> [EXTRACTED INFORMATION]:
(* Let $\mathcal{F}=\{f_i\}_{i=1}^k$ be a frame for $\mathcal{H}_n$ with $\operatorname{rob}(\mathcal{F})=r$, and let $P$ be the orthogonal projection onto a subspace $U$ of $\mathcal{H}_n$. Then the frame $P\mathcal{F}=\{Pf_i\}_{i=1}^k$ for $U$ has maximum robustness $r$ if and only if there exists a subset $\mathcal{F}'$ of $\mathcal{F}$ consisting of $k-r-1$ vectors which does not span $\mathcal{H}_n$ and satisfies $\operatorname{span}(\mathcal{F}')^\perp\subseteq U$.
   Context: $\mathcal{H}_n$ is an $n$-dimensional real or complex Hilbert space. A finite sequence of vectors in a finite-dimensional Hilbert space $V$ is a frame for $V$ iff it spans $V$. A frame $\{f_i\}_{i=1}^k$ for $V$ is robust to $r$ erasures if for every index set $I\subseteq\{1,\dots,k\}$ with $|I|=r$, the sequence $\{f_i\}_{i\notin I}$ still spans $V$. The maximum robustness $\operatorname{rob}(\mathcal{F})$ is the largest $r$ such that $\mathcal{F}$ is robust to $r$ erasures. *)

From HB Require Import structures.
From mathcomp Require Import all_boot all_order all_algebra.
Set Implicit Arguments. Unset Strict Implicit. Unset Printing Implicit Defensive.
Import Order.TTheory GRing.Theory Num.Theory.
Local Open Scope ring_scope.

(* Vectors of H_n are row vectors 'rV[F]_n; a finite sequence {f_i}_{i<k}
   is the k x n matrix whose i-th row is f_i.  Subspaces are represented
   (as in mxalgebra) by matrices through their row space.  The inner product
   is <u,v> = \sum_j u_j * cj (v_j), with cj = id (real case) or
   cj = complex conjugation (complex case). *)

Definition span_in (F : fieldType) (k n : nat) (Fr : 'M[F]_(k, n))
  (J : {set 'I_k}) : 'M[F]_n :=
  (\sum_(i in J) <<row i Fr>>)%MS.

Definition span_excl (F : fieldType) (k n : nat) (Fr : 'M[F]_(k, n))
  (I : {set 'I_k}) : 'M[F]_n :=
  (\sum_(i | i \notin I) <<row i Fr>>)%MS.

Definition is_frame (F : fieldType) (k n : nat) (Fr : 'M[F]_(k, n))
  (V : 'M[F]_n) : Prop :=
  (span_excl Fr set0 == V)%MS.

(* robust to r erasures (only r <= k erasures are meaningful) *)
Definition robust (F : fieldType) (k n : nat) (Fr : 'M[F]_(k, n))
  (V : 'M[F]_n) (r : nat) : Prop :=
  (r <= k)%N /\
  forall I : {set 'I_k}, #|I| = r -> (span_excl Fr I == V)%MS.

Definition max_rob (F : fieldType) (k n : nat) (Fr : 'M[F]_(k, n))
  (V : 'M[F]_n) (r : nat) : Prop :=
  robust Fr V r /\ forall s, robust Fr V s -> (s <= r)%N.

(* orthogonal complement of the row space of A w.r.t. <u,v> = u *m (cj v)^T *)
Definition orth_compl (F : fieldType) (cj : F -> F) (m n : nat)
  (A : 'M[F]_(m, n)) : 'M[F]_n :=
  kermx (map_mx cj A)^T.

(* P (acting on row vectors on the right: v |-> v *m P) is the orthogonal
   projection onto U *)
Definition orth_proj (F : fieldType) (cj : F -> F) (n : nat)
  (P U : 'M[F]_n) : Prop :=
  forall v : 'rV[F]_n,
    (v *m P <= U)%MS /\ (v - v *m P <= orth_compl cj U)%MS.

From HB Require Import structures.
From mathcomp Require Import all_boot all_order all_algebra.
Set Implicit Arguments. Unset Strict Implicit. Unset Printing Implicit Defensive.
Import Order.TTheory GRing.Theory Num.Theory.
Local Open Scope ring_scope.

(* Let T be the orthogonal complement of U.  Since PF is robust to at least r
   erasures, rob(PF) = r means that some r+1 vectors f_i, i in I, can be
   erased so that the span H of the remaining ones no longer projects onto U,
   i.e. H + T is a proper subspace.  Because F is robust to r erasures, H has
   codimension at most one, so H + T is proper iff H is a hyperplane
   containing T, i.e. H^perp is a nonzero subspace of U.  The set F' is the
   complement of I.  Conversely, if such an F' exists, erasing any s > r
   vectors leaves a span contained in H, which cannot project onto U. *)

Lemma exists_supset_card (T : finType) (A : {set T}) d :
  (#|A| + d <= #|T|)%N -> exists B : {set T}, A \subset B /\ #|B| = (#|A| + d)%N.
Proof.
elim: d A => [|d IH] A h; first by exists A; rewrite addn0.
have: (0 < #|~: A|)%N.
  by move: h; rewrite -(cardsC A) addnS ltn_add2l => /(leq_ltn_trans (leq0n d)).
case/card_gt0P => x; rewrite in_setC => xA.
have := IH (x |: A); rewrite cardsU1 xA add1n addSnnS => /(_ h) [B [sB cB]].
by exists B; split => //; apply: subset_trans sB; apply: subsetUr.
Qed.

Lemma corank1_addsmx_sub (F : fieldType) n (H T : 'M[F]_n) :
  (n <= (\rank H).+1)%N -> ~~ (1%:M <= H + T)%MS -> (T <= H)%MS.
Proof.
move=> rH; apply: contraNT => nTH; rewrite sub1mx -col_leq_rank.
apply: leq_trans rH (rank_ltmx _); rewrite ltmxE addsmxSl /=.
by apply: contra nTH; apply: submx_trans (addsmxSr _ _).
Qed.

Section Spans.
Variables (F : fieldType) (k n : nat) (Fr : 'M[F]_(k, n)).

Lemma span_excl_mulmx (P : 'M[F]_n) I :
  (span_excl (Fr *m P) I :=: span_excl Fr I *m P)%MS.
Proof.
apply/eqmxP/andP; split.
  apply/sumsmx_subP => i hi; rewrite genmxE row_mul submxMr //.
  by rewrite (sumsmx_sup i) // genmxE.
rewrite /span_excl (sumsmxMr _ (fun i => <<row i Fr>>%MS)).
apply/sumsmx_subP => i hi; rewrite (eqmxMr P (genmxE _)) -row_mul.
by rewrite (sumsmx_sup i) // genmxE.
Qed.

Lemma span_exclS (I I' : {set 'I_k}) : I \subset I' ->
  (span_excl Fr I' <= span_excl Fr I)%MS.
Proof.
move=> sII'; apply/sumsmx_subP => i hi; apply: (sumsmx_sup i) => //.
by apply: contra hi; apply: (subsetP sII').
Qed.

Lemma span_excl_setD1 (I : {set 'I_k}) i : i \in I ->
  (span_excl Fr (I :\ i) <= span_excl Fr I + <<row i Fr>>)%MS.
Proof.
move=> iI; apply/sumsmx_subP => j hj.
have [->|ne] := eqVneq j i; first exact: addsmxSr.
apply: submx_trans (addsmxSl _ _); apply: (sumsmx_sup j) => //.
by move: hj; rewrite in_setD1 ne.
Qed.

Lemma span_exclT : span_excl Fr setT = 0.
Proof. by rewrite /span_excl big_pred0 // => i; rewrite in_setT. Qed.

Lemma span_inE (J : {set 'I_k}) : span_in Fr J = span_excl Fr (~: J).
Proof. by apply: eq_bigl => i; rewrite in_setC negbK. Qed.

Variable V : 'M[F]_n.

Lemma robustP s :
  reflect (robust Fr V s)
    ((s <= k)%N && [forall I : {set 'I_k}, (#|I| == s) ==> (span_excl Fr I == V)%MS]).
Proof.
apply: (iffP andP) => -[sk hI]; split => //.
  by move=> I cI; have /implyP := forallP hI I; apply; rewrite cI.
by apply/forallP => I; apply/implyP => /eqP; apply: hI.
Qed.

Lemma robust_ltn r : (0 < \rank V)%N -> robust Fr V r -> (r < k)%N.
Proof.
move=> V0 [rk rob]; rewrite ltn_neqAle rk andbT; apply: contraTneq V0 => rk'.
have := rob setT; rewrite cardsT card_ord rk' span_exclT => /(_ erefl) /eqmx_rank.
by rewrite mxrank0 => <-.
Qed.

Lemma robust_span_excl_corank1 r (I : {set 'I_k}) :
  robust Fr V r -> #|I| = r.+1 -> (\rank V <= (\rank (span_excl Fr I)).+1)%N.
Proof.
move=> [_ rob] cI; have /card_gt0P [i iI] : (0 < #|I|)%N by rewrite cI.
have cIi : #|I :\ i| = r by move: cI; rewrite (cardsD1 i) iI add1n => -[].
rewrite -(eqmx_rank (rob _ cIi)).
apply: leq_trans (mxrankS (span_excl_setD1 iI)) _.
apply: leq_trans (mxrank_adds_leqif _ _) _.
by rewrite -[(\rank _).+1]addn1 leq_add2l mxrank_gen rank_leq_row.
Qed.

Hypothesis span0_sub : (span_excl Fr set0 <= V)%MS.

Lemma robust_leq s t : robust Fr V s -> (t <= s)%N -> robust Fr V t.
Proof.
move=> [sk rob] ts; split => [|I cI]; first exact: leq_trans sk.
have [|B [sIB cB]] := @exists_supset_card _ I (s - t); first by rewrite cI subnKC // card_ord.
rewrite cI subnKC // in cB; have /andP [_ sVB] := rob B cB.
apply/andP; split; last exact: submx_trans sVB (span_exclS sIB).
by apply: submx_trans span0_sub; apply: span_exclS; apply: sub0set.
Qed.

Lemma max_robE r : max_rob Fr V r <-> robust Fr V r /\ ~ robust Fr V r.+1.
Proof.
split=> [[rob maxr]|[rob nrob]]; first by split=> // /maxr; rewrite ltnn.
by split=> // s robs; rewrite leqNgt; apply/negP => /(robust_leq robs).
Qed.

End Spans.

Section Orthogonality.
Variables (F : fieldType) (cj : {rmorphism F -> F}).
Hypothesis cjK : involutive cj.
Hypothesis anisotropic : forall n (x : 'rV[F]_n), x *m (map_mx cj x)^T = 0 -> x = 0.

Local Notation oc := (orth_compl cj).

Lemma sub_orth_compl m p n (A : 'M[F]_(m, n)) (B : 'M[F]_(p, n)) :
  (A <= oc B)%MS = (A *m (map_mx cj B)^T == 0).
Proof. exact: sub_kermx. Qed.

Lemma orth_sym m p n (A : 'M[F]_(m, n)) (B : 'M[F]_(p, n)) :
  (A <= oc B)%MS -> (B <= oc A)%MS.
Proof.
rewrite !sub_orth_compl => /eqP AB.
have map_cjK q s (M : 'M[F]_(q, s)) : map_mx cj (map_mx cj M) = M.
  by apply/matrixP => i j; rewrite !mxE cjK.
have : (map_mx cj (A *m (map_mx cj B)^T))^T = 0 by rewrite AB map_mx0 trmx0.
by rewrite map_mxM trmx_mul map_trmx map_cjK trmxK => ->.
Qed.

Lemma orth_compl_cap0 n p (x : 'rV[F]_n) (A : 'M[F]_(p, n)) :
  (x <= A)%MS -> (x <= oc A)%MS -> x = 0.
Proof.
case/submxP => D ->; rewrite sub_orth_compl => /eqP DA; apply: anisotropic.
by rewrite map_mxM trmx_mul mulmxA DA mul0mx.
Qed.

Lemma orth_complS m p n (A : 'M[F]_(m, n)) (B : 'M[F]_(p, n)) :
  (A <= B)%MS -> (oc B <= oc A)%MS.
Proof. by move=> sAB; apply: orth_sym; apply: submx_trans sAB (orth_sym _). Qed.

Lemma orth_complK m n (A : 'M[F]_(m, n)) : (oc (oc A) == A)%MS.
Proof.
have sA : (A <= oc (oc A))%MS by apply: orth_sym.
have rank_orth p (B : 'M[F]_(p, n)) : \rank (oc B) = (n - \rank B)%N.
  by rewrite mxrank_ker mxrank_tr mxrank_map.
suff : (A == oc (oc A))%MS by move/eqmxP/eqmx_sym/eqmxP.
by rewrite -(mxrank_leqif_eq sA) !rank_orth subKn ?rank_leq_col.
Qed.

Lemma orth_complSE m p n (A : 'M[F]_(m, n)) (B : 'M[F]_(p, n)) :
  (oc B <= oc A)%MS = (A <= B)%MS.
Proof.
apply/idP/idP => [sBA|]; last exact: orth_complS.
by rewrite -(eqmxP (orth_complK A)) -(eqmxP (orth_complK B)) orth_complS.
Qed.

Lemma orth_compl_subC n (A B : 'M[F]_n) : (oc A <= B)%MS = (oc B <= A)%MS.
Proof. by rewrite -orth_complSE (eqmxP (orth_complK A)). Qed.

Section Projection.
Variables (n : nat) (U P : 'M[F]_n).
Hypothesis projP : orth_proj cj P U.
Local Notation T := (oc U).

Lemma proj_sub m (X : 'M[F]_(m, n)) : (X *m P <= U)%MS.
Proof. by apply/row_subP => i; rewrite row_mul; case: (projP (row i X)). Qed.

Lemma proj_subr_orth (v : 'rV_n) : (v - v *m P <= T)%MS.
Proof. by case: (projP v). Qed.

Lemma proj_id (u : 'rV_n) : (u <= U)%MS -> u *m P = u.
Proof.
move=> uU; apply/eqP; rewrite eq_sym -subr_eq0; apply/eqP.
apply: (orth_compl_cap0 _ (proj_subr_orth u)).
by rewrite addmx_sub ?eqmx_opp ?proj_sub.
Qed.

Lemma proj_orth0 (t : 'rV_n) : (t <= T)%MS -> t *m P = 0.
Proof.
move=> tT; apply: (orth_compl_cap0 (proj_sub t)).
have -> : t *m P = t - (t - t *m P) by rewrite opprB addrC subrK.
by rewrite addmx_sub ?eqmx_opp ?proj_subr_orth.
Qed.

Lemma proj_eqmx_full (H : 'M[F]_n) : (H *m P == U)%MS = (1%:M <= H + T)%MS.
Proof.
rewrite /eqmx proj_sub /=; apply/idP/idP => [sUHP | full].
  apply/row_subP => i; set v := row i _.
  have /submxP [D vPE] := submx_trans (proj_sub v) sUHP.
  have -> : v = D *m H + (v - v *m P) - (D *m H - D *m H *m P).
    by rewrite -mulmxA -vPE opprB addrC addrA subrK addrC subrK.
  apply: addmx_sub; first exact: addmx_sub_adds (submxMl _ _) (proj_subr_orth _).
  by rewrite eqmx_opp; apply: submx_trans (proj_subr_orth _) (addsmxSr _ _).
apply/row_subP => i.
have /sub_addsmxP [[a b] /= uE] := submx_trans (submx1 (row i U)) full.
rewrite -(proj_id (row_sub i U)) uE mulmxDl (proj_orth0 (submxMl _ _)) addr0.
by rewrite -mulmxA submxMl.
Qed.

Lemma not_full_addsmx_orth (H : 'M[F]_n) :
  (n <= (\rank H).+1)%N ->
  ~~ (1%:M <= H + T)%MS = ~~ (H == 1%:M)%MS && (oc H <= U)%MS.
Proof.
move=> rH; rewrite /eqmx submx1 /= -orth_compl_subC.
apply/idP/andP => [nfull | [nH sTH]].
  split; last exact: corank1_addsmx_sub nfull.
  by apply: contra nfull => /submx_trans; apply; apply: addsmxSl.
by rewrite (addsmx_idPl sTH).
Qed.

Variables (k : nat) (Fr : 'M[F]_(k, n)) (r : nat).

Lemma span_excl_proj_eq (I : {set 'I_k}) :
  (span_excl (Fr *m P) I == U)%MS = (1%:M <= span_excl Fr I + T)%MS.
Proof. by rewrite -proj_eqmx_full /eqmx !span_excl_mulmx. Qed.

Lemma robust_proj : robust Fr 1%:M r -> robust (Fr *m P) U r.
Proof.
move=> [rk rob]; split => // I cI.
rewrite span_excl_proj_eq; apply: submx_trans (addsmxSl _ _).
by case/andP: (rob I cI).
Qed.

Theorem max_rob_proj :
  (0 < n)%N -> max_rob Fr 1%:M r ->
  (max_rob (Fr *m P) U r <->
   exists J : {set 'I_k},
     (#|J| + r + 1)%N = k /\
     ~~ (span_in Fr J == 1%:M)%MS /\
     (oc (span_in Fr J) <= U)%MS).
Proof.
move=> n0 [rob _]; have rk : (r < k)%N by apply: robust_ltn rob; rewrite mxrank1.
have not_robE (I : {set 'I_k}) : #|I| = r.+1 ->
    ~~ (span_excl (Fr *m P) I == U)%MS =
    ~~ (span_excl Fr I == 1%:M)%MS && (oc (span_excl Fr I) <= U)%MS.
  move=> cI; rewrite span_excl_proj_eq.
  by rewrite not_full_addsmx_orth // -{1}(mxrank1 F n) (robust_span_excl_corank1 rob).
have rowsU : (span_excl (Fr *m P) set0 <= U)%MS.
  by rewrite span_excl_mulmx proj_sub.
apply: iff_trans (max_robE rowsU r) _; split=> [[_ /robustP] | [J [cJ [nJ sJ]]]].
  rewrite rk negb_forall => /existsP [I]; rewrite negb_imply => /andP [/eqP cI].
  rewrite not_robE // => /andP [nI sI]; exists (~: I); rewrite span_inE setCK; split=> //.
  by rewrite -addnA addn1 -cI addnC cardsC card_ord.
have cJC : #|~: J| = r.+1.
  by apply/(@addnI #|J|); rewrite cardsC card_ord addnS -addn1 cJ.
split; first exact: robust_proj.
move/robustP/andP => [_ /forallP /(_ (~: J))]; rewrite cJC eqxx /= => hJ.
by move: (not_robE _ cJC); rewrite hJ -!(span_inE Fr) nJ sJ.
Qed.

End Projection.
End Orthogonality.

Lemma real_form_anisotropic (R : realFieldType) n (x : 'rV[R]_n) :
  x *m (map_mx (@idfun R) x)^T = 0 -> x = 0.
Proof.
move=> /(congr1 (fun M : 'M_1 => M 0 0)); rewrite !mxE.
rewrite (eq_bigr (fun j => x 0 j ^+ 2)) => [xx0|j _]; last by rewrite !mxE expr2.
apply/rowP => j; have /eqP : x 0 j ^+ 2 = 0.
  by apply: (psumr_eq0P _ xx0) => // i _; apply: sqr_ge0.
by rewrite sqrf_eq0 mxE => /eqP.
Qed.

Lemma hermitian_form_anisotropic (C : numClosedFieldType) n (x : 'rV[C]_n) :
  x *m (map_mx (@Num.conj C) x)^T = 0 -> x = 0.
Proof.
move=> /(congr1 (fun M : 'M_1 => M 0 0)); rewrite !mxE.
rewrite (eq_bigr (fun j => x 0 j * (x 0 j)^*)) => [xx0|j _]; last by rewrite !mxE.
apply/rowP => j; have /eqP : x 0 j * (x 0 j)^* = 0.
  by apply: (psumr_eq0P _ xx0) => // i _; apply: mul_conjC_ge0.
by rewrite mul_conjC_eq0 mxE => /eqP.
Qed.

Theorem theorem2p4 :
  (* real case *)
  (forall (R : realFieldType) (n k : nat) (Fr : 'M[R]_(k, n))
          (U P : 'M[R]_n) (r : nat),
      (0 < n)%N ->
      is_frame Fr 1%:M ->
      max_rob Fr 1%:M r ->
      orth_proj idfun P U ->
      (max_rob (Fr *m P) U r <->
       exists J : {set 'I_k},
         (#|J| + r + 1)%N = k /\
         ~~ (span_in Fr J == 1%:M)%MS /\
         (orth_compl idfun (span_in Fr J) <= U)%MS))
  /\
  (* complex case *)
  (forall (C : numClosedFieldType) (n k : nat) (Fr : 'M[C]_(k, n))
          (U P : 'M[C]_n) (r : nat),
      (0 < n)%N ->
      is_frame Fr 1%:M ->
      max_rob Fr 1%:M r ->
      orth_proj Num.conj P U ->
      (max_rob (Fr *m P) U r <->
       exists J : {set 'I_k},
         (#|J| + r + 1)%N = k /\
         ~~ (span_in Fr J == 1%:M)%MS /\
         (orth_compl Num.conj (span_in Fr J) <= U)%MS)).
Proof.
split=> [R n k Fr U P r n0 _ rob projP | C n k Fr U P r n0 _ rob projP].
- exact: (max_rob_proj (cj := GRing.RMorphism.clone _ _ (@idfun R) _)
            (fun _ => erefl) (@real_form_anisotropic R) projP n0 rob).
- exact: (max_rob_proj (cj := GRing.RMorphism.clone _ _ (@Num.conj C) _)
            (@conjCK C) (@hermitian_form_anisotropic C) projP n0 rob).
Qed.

> [EXERCISE OBJECTIVE]:
Count the lines of the entries above that contain the word "eqmxP" and give only the number.

> [SOLUTION FOR THIS PROBLEM]:
4